Saved entries
——————

(* Let $f\in\Gamma_0(X)$ and $x\in\operatorname{dom}f$. Then for every $\varepsilon\ge0$, \[ \partial_\varepsilon f^+(x)=\bigcup_{0\le\lambda\le1}\partial_{\varepsilon+\lambda f(x)-f^+(x)}(\lambda f)(x), \] where $f^+:=\max\{f,0\}$, $(\lambda f)(z):=\lambda f(z)$ for $\lambda>0$, and $0f:=\mathrm{I}_{\operatorname{dom}f}$.
   Context: $X$ is a real separated locally convex space with dual $X^*$ (weak$^*$ topology). $\Gamma_0(X)$ is the set of proper convex lsc functions $X\to\mathbb{R}\cup\{+\infty\}$; $\operatorname{dom}f=\{x: f(x)<+\infty\}$. $\mathrm{I}_A$ is the indicator function of $A$ ($0$ on $A$, $+\infty$ outside). For $g:X\to\overline{\mathbb{R}}$, $\partial_\delta g(x)=\{x^*\in X^*:\ g(y)\ge g(x)+\langle x^*,y-x\rangle-\delta\ \forall y\}$ if $g(x)\in\mathbb{R}$ and $\delta\ge0$, and $\partial_\delta g(x)=\emptyset$ if $g(x)\notin\mathbb{R}$ or $\delta<0$. *)

From HB Require Import structures.
From mathcomp Require Import all_boot all_order all_algebra.
From mathcomp Require Import all_classical all_reals all_analysis.
Set Implicit Arguments. Unset Strict Implicit. Unset Printing Implicit Defensive.
Import Order.TTheory GRing.Theory Num.Theory.
Local Open Scope classical_set_scope.
Local Open Scope ring_scope.

Section Defs.
Context {R : realType} {X : tvsType R}.
Local Open Scope ereal_scope.

Definition dom (f : X -> \bar R) : set X := [set x | f x < +oo].

Definition indic (A : set X) : X -> \bar R :=
  fun z => if `[< A z >] then 0 else +oo.

Definition proper_fun (f : X -> \bar R) : Prop :=
  (forall z, f z != -oo) /\ exists z, f z < +oo.

Definition convex_efun (f : X -> \bar R) : Prop :=
  forall (x y : X) (t : R), (0 <= t <= 1)%R -> f x < +oo -> f y < +oo ->
    f ((1 - t) *: x + t *: y)%R <= ((1 - t)%R%:E * f x + t%:E * f y).

Definition Gamma0 (f : X -> \bar R) : Prop :=
  [/\ proper_fun f, convex_efun f & lower_semicontinuous f].

Definition dual_elt (xs : {linear X -> R^o}) : Prop := continuous xs.

Definition esubdiff (delta : R) (g : X -> \bar R) (x : X)
    : set {linear X -> R^o} :=
  [set xs | dual_elt xs /\ g x \is a fin_num /\ (0 <= delta)%R /\
     forall y, g x + ((xs (y - x))%R - delta)%:E <= g y].

Definition fplus (f : X -> \bar R) : X -> \bar R := fun z => maxe (f z) 0.

Definition scalef (l : R) (f : X -> \bar R) : X -> \bar R :=
  if (0 < l)%R then (fun z => l%:E * f z) else indic (dom f).

End Defs.

From Pilot Require Import Defs.
From HB Require Import structures.
From mathcomp Require Import all_boot all_order all_algebra.
From mathcomp Require Import all_classical all_reals all_analysis.
From mathcomp Require Import ring lra.
Import Order.TTheory GRing.Theory Num.Theory.
Local Open Scope classical_set_scope.
Local Open Scope ring_scope.

(* Inclusion "⊇": for 0 <= l <= 1 we have l f <= f^+ pointwise (with the
   convention 0 f = I_{dom f}), and the two functions are compared at x with
   the prescribed shift of the subdifferential parameter.

   Inclusion "⊆": if xs is an eps-subgradient of f^+ at x, the affine function
   H y = f^+(x) - eps + xs(y - x) lies below max(F, 0) on dom f, where F is
   the real-valued restriction of f.  A separation argument for a convex F
   and an affine H (Section PositivePartMinorant) produces l in [0, 1] with
   H <= l F on dom f: l is the supremum of the slopes H/F over the points
   where F > 0, and convexity shows this supremum is dominated by every slope
   H/F at points where F < 0.  This exactly says that xs is a subgradient of
   l f at x with the parameter eps + l f(x) - f^+(x). *)

Section PositivePartMinorant.
Variables (R : realType) (T : lmodType R) (D : set T) (F H : T -> R).

Hypothesis F_convex : forall y0 y1 t, D y0 -> D y1 -> 0 <= t <= 1 ->
  D ((1 - t) *: y0 + t *: y1) /\
  F ((1 - t) *: y0 + t *: y1) <= (1 - t) * F y0 + t * F y1.
Hypothesis H_affine : forall y0 y1 t,
  H ((1 - t) *: y0 + t *: y1) = (1 - t) * H y0 + t * H y1.
Hypothesis H_le_pos : forall y, D y -> H y <= Num.max (F y) 0.

(* Every slope H/F where F > 0 is at most every slope H/F where F < 0:
   F vanishes on a convex combination z of the two points, where H z <= 0. *)
Lemma slope_pos_le_slope_neg y0 y1 : D y0 -> D y1 -> 0 < F y0 -> F y1 < 0 ->
  H y0 / F y0 <= H y1 / F y1.
Proof.
move=> D0 D1 F0 F1.
have dpos : 0 < F y0 - F y1 by lra.
set t := F y0 / (F y0 - F y1).
have t01 : 0 <= t <= 1.
  by apply/andP; split; [rewrite divr_ge0 // ltW | rewrite ler_pdivrMr //; lra].
have one_t : 1 - t = - F y1 / (F y0 - F y1) by rewrite /t; field; lra.
have [Dz Fz] := F_convex y0 y1 t D0 D1 t01.
have comb_F0 : (1 - t) * F y0 + t * F y1 = 0 by rewrite one_t /t; field; lra.
have Hz_le0 : H ((1 - t) *: y0 + t *: y1) <= 0.
  by have := H_le_pos _ Dz; rewrite max_r // -comb_F0.
have comb_H : (1 - t) * H y0 + t * H y1 =
    (- F y1 * H y0 + F y0 * H y1) / (F y0 - F y1).
  by rewrite one_t /t; field; lra.
rewrite H_affine comb_H pmulr_lle0 ?invr_gt0 // in Hz_le0.
rewrite ler_pdivrMr // mulrAC ler_ndivlMr //; lra.
Qed.

Lemma positive_part_minorant :
  exists l, 0 <= l <= 1 /\ forall y, D y -> H y <= l * F y.
Proof.
pose L := [set r : R | r = 0 \/ exists y, [/\ D y, 0 < F y & r = H y / F y]].
have L0 : L 0 by left.
have L_le1 : ubound L 1.
  move=> r [->|[y [Dy Fy ->]]]; first exact: ler01.
  by rewrite ler_pdivrMr // mul1r; have := H_le_pos _ Dy; rewrite max_l // ltW.
have supL : has_sup L by split; [exists 0 | exists 1].
exists (sup L); split.
  by rewrite (sup_upper_bound supL L0) ge_sup //; exists 0.
move=> y Dy; have [Fneg|Fpos|F0] := ltgtP (F y) 0.
- have Hy : H y <= 0 by have := H_le_pos _ Dy; rewrite max_r // ltW.
  suff : sup L <= H y / F y by rewrite ler_ndivlMr // mulrC.
  apply: ge_sup; first by exists 0.
  move=> r [->|[y0 [D0 F0 ->]]]; first by rewrite ler_ndivlMr // mul0r.
  exact: slope_pos_le_slope_neg.
- have : H y / F y <= sup L by apply: sup_upper_bound supL _ _; right; exists y.
  by rewrite ler_pdivrMr // mulrC.
- by have := H_le_pos _ Dy; rewrite F0 maxxx mulr0.
Qed.

End PositivePartMinorant.

Arguments positive_part_minorant {R T D F H}.

Lemma scale_le_max0 (R : realDomainType) (l r : R) :
  0 <= l <= 1 -> l * r <= Num.max r 0.
Proof. by move=> /andP[l0 l1]; have [r0|r0] := leP 0 r; nra. Qed.

Lemma linear_increment_affine (R : realType) (X : lmodType R)
    (xs : {linear X -> R^o}) (x y0 y1 : X) (t : R) :
  xs ((1 - t) *: y0 + t *: y1 - x) = (1 - t) * xs (y0 - x) + t * xs (y1 - x).
Proof. by rewrite !raddfB /= linearD /= !linearZ /= /GRing.scale /=; ring. Qed.

Section ScaledPositivePart.
Local Open Scope ereal_scope.
Variables (R : realType) (X : tvsType R) (f : X -> \bar R).

Lemma scalef_fin {l r : R} {y : X} :
  (0 <= l)%R -> f y = r%:E -> scalef l f y = (l * r)%:E.
Proof.
move=> l0 fy; rewrite /scalef; case: ifPn => lp; first by rewrite fy EFinM.
have -> : l = 0%R by apply/eqP; rewrite eq_le l0 andbT leNgt.
by rewrite /Defs.indic /dom /= fy mul0r; case: asboolP => //; rewrite ltry.
Qed.

Lemma scalef_infty {l : R} {y : X} :
  (0 <= l)%R -> f y = +oo -> scalef l f y = +oo.
Proof.
move=> l0 fy; rewrite /scalef; case: ifPn => lp.
  by rewrite fy gt0_muley ?lte_fin.
by rewrite /Defs.indic /dom /= fy; case: asboolP => //; rewrite ltxx.
Qed.

Hypothesis f_noninf : forall z, f z != -oo.

Lemma dom_fineK {y : X} : dom f y -> f y = (fine (f y))%:E.
Proof. by move=> /lt_eqF fy; rewrite fineK // fin_numE f_noninf fy. Qed.

Lemma scalef_le_fplus {l : R} (y : X) :
  (0 <= l <= 1)%R -> scalef l f y <= fplus f y.
Proof.
move=> l01; have /andP[l0 _] := l01; rewrite /fplus.
case fyE : (f y) => [r| |]; last by move: (f_noninf y); rewrite fyE.
  by rewrite (scalef_fin l0 fyE) -EFin_max lee_fin scale_le_max0.
by rewrite (scalef_infty l0 fyE) maxye.
Qed.

Lemma fine_convex_on_dom : convex_efun f ->
  forall y0 y1 t, dom f y0 -> dom f y1 -> (0 <= t <= 1)%R ->
  dom f ((1 - t) *: y0 + t *: y1)%R /\
  (fine (f ((1 - t) *: y0 + t *: y1)) <=
     (1 - t) * fine (f y0) + t * fine (f y1))%R.
Proof.
move=> fcvx y0 y1 t D0 D1 t01; have := fcvx y0 y1 t t01 D0 D1.
rewrite (dom_fineK D0) (dom_fineK D1) -!EFinM -EFinD => fz.
have Dz : dom f ((1 - t) *: y0 + t *: y1)%R.
  by rewrite /dom /=; apply: le_lt_trans fz _; rewrite ltry.
by split=> //; move: fz; rewrite (dom_fineK Dz) lee_fin.
Qed.

Variables (x : X) (eps : R).
Hypothesis dom_x : dom f x.
Let fx := fine (f x).

Lemma fplus_at_x : fplus f x = (Num.max fx 0)%:E.
Proof. by rewrite /fplus (dom_fineK dom_x) -EFin_max. Qed.

Lemma esubdiff_scalef_sub (l : R) : (0 <= eps)%R -> (0 <= l <= 1)%R ->
  esubdiff (eps + l * fx - fine (fplus f x))%R (scalef l f) x `<=`
  esubdiff eps (fplus f) x.
Proof.
move=> eps0 l01 xs [cont_xs [_ [_ sub_xs]]]; have /andP[l0 _] := l01.
split=> //; split; first by rewrite fplus_at_x.
split=> // y; suff -> : fplus f x + ((xs (y - x))%R - eps)%:E =
    scalef l f x + ((xs (y - x))%R - (eps + l * fx - fine (fplus f x)))%:E.
  exact: le_trans (sub_xs y) (scalef_le_fplus y l01).
rewrite (scalef_fin l0 (dom_fineK dom_x)) fplus_at_x /= -!EFinD -/fx.
by congr (_%:E); ring.
Qed.

Hypothesis f_convex : convex_efun f.

Lemma esubdiff_fplus_sub :
  esubdiff eps (fplus f) x `<=`
  \bigcup_(l in `[0%R, 1%R]) esubdiff (eps + l * fx - fine (fplus f x))%R
                                   (scalef l f) x.
Proof.
move=> xs [cont_xs [_ [_ sub_xs]]].
pose H y := (Num.max fx 0 - eps + xs (y - x))%R.
have H_affine y0 y1 t : H ((1 - t) *: y0 + t *: y1)%R =
    ((1 - t) * H y0 + t * H y1)%R.
  by rewrite /H linear_increment_affine; ring.
have H_le_pos y : dom f y -> (H y <= Num.max (fine (f y)) 0)%R.
  move=> Dy; have := sub_xs y.
  by rewrite fplus_at_x /fplus (dom_fineK Dy) -EFin_max -EFinD lee_fin /H; lra.
have [l [l01 H_le]] := positive_part_minorant (fine_convex_on_dom f_convex)
  H_affine H_le_pos.
have /andP[l0 l1] := l01.
exists l; first by rewrite /= in_itv /= l0 l1.
have fx_fin := scalef_fin l0 (dom_fineK dom_x).
split=> //; split; first by rewrite fx_fin.
split.
  have := H_le x dom_x.
  by rewrite /H subrr raddf0 addr0 fplus_at_x /= -/fx; lra.
move=> y; rewrite fx_fin fplus_at_x /= -/fx.
case fyE : (f y) => [r| |]; last by move: (f_noninf y); rewrite fyE.
  have Dy : dom f y by rewrite /dom /= fyE ltry.
  rewrite (scalef_fin l0 fyE) -EFinD lee_fin.
  have -> : (l * fx + (xs (y - x) - (eps + l * fx - Num.max fx 0)) = H y)%R.
    by rewrite /H; ring.
  by have := H_le y Dy; rewrite fyE.
by rewrite (scalef_infty l0 fyE) leey.
Qed.

End ScaledPositivePart.

Theorem lemma4 (R : realType) (X : tvsType R) (f : X -> \bar R) (x : X)
  (eps : R) :
  hausdorff_space X -> Gamma0 f -> dom f x -> 0 <= eps ->
  esubdiff eps (fplus f) x =
  \bigcup_(l in `[0, 1]) esubdiff (eps + l * fine (f x) - fine (fplus f x))
                                   (scalef l f) x.
Proof.
move=> _ [[f_noninf _] f_convex _] dom_x eps0.
apply/seteqP; split; first exact: esubdiff_fplus_sub.
move=> xs [l]; rewrite /= in_itv /= => l01.
exact: esubdiff_scalef_sub.
Qed.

——————

Copy out every line above where "Definition" is present.

Definition dom (f : X -> \bar R) : set X := [set x | f x < +oo].
Definition indic (A : set X) : X -> \bar R :=
Definition proper_fun (f : X -> \bar R) : Prop :=
Definition convex_efun (f : X -> \bar R) : Prop :=
Definition Gamma0 (f : X -> \bar R) : Prop :=
Definition dual_elt (xs : {linear X -> R^o}) : Prop := continuous xs.
Definition esubdiff (delta : R) (g : X -> \bar R) (x : X)
Definition fplus (f : X -> \bar R) : X -> \bar R := fun z => maxe (f z) 0.
Definition scalef (l : R) (f : X -> \bar R) : X -> \bar R :=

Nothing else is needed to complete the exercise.